Work to be completed | The reply should consist of one number, the count of lines below in which the word "reads" appears.

Supplied entries |
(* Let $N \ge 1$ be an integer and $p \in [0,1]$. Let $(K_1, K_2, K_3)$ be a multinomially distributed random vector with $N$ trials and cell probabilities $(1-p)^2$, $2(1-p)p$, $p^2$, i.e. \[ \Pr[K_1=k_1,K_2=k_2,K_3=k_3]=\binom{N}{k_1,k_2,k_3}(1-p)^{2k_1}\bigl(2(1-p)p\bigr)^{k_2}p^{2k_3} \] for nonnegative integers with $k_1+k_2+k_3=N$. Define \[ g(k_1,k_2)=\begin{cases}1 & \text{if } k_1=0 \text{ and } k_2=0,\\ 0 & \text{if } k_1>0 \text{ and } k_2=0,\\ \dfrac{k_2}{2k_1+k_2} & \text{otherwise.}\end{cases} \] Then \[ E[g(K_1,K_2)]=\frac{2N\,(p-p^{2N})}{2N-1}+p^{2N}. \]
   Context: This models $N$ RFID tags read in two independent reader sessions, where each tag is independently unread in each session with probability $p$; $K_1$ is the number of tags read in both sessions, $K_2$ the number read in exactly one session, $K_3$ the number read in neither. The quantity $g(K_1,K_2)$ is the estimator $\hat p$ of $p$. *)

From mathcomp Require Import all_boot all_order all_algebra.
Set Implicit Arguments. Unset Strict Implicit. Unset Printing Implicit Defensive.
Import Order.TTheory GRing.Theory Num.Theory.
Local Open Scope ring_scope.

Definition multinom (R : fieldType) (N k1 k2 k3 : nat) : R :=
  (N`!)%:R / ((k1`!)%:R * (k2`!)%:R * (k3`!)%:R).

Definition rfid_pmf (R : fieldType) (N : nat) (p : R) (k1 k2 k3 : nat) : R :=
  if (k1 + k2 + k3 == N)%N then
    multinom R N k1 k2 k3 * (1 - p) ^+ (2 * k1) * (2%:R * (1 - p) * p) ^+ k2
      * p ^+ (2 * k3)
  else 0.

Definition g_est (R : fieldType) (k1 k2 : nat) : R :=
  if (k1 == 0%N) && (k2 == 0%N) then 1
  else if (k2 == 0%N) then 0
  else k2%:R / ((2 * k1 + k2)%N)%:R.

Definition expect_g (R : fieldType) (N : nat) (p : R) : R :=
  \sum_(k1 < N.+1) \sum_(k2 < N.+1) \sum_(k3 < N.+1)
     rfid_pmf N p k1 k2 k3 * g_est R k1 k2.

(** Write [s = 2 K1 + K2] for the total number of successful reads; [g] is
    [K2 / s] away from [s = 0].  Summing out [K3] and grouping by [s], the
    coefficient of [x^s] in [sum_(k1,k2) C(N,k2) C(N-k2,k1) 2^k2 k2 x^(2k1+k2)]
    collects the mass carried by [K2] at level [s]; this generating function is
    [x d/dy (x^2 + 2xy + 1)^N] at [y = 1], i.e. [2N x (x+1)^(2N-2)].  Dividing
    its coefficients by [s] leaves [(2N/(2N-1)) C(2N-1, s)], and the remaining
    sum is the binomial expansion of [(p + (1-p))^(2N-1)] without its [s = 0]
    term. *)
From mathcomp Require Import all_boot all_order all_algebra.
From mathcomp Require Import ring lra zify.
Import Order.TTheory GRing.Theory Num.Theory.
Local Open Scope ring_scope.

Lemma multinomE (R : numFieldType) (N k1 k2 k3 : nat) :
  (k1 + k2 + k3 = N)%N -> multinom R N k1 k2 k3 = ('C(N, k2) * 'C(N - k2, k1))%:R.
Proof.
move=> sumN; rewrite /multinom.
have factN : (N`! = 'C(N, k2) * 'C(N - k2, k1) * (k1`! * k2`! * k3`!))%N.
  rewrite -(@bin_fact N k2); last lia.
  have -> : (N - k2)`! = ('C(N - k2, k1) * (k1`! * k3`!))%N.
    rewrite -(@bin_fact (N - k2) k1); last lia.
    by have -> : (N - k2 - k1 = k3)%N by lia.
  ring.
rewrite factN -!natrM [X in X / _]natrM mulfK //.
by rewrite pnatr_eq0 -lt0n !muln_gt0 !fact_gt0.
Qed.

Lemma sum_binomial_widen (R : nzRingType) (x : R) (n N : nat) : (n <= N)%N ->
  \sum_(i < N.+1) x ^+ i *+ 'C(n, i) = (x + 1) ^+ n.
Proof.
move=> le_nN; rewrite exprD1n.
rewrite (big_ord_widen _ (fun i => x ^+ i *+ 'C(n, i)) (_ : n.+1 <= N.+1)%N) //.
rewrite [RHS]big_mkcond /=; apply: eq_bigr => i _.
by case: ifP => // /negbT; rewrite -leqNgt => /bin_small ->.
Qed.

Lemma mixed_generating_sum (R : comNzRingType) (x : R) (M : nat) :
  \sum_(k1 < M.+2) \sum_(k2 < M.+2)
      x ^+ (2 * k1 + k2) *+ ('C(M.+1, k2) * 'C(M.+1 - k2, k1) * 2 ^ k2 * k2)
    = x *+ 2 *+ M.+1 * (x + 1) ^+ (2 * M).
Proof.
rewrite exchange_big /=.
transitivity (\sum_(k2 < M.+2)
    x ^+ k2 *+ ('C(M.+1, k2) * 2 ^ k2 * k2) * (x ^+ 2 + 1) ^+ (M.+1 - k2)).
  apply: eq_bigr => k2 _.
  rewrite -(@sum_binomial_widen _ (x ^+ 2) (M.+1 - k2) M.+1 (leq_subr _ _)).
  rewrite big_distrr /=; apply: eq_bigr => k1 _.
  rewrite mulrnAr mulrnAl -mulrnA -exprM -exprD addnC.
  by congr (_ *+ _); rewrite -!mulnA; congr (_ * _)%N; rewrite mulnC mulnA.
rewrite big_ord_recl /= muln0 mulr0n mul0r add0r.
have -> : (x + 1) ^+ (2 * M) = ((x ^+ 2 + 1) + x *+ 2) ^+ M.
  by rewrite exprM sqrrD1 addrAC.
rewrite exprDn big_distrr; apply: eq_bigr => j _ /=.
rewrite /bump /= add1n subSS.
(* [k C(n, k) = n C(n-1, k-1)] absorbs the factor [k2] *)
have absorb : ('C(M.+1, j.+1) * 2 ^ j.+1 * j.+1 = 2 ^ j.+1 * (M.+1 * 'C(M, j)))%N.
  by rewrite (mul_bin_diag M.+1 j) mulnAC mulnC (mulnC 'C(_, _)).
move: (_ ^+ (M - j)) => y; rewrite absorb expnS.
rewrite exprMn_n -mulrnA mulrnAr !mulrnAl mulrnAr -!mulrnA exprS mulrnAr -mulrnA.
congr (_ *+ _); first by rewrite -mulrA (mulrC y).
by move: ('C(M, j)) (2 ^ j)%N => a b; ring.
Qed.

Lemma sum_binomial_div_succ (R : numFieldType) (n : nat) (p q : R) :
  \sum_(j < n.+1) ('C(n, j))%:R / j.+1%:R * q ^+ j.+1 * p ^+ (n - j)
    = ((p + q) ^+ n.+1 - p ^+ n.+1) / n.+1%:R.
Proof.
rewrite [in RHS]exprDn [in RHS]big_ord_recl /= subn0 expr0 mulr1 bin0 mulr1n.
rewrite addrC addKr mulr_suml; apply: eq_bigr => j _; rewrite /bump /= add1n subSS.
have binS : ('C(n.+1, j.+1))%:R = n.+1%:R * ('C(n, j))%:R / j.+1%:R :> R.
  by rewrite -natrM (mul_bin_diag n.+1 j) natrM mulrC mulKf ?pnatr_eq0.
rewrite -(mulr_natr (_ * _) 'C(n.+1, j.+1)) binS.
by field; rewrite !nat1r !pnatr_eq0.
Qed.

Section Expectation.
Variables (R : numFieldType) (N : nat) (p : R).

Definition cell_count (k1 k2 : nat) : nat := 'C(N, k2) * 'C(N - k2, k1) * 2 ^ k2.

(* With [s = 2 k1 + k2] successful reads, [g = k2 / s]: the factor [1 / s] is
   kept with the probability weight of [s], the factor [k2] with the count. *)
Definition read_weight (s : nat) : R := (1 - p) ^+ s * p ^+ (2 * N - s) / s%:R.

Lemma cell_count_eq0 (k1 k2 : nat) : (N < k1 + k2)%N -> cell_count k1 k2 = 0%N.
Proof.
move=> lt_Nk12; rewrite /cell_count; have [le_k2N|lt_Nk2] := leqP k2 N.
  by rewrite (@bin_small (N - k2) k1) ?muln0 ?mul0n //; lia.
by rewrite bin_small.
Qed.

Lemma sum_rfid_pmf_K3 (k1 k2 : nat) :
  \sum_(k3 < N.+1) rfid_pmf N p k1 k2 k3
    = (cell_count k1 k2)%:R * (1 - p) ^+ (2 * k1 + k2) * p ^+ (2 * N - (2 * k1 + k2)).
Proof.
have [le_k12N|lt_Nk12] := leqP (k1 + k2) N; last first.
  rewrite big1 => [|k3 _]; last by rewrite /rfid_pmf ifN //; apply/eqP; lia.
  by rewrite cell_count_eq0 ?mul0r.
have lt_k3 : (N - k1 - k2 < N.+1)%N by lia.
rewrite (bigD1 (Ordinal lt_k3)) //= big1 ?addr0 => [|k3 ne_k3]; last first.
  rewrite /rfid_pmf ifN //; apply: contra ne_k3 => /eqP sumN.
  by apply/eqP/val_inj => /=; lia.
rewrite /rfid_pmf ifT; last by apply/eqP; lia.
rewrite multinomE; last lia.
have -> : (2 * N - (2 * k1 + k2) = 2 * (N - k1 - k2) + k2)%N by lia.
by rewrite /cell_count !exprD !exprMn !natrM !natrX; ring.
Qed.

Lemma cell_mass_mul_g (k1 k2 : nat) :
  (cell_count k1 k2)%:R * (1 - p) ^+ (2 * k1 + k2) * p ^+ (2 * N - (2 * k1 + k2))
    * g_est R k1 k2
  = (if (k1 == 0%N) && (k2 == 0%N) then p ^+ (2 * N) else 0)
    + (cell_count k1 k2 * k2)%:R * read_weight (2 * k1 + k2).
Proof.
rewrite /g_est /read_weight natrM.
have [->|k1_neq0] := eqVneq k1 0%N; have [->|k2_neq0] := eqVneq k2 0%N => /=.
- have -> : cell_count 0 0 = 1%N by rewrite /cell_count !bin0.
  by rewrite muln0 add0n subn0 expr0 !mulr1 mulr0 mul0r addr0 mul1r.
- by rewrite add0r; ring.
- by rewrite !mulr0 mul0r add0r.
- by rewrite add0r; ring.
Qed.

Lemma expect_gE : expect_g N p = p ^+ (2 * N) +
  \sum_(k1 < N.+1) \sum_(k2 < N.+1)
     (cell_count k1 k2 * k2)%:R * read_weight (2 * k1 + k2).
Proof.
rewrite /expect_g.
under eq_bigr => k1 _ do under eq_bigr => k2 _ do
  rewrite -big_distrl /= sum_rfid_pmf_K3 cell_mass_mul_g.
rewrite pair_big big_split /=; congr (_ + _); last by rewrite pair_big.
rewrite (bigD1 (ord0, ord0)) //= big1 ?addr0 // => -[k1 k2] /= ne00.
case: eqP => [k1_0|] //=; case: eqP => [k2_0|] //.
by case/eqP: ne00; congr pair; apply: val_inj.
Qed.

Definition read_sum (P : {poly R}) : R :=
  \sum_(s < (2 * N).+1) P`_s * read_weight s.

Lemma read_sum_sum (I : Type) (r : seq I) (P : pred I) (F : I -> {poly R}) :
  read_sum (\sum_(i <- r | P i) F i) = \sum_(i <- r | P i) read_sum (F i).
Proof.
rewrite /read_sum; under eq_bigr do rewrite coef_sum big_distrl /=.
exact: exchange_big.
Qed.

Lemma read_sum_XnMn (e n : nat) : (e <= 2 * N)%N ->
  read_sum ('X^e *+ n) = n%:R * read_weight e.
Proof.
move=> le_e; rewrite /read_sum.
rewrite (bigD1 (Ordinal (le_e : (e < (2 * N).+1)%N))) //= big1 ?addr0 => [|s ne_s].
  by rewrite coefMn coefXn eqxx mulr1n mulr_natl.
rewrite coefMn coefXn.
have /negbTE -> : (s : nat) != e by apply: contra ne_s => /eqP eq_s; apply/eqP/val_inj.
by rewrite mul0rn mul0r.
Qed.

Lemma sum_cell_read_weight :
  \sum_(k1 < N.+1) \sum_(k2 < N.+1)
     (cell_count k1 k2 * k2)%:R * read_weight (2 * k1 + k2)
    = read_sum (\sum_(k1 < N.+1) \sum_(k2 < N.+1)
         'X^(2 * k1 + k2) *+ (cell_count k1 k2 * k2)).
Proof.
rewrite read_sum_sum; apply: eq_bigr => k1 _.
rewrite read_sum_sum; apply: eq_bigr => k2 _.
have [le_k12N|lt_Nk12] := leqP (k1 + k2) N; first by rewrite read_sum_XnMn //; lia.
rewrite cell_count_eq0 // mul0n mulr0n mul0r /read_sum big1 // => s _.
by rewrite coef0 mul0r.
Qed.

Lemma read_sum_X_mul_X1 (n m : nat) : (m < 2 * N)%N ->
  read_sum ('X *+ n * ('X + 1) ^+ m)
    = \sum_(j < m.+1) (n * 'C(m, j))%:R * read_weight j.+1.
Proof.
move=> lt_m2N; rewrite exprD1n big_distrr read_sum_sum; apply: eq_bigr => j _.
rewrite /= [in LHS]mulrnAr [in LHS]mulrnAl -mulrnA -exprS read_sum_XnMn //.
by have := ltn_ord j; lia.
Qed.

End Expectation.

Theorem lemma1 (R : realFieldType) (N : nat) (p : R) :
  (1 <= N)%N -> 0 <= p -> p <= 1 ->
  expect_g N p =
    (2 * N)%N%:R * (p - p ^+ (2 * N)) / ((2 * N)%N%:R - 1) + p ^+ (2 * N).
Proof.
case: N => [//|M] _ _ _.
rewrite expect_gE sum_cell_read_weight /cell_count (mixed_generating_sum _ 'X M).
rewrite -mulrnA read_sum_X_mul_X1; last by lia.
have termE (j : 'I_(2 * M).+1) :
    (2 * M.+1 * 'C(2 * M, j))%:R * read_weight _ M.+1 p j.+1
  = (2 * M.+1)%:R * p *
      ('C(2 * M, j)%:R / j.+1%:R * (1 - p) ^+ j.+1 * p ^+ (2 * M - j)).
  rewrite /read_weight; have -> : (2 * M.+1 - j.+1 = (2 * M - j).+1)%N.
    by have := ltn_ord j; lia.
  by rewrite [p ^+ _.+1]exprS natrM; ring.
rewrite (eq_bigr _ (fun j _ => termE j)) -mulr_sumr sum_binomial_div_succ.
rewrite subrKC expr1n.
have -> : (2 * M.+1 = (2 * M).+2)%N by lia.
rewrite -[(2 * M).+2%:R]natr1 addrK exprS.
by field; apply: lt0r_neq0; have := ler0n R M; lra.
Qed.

Response to the exercise | 2